━━━━━ RECORD EXCERPTS ━━━━━
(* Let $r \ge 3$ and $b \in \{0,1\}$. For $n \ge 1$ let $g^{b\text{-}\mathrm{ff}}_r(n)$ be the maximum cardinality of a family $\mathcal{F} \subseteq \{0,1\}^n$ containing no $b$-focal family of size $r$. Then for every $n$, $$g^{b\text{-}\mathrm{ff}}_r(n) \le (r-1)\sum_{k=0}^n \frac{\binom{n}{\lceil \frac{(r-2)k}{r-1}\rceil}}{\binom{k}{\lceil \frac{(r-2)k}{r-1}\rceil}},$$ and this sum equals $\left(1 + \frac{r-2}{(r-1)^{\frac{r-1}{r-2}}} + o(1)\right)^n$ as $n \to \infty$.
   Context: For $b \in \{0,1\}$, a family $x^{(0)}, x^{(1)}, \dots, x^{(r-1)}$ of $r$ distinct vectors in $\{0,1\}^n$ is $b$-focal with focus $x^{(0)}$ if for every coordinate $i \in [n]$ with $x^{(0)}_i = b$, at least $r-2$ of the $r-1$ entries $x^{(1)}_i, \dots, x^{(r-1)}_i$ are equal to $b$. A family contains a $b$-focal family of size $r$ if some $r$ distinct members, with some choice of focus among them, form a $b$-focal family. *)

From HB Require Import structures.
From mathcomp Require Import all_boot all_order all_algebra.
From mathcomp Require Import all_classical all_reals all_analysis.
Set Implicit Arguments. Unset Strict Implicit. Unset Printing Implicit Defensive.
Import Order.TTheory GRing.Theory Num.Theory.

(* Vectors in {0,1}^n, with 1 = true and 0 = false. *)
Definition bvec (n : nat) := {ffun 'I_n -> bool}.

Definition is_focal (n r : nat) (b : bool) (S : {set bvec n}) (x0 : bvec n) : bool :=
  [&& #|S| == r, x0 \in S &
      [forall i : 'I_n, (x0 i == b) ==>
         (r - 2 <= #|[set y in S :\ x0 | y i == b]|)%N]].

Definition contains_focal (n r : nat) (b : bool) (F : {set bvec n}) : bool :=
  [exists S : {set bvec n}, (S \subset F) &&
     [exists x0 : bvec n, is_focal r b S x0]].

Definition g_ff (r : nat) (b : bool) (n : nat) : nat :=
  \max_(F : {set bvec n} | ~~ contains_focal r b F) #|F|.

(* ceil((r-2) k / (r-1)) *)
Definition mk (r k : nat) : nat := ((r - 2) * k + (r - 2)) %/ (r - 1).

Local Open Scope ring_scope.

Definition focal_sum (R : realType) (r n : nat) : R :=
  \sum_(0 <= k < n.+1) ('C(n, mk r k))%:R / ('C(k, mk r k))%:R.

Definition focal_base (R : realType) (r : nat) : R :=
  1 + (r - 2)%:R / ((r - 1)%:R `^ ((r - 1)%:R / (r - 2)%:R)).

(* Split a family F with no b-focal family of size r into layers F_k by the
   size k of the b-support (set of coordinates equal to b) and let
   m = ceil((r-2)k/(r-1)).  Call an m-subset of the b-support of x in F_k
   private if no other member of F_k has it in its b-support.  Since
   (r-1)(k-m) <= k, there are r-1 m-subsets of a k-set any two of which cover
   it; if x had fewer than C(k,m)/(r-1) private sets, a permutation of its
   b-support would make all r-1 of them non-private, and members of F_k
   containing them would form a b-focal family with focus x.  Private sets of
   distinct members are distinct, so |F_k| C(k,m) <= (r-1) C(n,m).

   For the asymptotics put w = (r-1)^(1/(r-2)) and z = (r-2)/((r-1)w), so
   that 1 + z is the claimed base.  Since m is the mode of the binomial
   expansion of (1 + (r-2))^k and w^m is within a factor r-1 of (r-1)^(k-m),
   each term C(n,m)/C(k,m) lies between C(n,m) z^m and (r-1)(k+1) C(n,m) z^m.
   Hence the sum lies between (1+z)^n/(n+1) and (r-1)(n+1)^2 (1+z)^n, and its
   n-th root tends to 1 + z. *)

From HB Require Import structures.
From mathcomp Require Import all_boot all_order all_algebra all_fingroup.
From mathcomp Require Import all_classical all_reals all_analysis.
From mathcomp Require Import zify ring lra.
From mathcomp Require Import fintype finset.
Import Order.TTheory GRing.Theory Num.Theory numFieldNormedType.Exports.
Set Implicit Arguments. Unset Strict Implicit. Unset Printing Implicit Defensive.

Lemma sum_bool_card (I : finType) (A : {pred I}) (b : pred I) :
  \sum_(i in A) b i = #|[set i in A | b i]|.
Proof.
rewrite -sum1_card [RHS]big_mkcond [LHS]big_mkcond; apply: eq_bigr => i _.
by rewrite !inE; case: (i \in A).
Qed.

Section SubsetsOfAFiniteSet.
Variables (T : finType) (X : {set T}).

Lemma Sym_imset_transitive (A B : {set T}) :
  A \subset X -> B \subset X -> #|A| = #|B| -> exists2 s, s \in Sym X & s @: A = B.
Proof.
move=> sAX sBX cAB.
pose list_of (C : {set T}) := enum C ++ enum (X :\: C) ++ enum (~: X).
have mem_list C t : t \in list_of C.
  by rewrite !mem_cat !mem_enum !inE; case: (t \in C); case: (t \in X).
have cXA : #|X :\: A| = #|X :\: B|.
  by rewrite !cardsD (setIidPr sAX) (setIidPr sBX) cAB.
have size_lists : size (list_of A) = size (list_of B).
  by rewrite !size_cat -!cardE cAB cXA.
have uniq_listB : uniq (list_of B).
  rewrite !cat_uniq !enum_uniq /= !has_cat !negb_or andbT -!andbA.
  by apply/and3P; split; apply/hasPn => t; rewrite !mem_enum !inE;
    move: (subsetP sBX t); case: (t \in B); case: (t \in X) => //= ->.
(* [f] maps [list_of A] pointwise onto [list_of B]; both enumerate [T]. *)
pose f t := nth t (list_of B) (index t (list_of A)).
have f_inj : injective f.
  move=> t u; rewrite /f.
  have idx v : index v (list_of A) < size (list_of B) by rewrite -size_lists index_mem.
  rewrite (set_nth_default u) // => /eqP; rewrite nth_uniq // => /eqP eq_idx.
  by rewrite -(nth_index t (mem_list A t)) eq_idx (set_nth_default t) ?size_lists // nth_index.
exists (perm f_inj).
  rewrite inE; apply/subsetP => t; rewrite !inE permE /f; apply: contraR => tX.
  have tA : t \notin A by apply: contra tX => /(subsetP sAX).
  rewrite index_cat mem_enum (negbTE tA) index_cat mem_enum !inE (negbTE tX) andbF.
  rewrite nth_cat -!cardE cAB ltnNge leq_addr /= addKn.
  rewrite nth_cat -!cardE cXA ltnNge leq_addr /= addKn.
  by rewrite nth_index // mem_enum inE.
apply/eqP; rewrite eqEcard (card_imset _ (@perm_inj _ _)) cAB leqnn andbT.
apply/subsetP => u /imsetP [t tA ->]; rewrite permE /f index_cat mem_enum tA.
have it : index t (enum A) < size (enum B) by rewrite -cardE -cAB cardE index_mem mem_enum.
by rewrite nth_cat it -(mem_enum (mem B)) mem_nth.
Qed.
━━━━━
━━━━━ RECORD EXCERPTS ━━━━━
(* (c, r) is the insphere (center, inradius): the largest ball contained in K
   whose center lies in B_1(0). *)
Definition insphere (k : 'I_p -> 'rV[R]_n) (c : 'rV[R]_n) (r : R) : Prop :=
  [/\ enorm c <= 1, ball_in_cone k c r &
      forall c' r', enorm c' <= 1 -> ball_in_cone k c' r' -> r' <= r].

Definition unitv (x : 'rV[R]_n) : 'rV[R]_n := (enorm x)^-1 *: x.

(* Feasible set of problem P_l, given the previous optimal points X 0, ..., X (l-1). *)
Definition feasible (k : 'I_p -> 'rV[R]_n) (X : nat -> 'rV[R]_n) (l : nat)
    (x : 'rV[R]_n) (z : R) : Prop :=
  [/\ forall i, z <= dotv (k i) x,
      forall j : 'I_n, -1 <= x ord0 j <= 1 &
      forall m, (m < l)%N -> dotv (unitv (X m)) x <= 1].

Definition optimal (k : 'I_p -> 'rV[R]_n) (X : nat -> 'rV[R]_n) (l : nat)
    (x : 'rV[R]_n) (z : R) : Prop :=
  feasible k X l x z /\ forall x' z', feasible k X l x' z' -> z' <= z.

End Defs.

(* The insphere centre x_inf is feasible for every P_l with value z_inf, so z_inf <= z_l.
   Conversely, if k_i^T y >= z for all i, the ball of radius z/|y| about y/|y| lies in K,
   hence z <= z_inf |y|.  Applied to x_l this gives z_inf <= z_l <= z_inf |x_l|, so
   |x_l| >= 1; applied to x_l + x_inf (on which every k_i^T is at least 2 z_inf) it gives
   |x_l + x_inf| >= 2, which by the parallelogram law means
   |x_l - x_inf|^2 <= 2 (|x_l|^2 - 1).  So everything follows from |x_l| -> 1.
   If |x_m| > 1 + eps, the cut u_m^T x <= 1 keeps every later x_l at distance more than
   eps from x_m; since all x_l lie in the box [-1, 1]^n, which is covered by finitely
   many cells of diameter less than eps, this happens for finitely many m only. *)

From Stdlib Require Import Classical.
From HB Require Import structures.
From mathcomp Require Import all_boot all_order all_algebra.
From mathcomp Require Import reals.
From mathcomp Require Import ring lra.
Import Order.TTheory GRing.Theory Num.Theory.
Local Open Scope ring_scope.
━━━━━
EXERCISE AIM - Within the data above, the span starting at the line containing "Definition focal_sum (R" and ending at the line containing "Hence the sum" is to be retyped exactly, with no other lines.

SOLUTION BELOW -
Definition focal_sum (R : realType) (r n : nat) : R :=
  \sum_(0 <= k < n.+1) ('C(n, mk r k))%:R / ('C(k, mk r k))%:R.

Definition focal_base (R : realType) (r : nat) : R :=
  1 + (r - 2)%:R / ((r - 1)%:R `^ ((r - 1)%:R / (r - 2)%:R)).

(* Split a family F with no b-focal family of size r into layers F_k by the
   size k of the b-support (set of coordinates equal to b) and let
   m = ceil((r-2)k/(r-1)).  Call an m-subset of the b-support of x in F_k
   private if no other member of F_k has it in its b-support.  Since
   (r-1)(k-m) <= k, there are r-1 m-subsets of a k-set any two of which cover
   it; if x had fewer than C(k,m)/(r-1) private sets, a permutation of its
   b-support would make all r-1 of them non-private, and members of F_k
   containing them would form a b-focal family with focus x.  Private sets of
   distinct members are distinct, so |F_k| C(k,m) <= (r-1) C(n,m).

   For the asymptotics put w = (r-1)^(1/(r-2)) and z = (r-2)/((r-1)w), so
   that 1 + z is the claimed base.  Since m is the mode of the binomial
   expansion of (1 + (r-2))^k and w^m is within a factor r-1 of (r-1)^(k-m),
   each term C(n,m)/C(k,m) lies between C(n,m) z^m and (r-1)(k+1) C(n,m) z^m.
   Hence the sum lies between (1+z)^n/(n+1) and (r-1)(n+1)^2 (1+z)^n, and its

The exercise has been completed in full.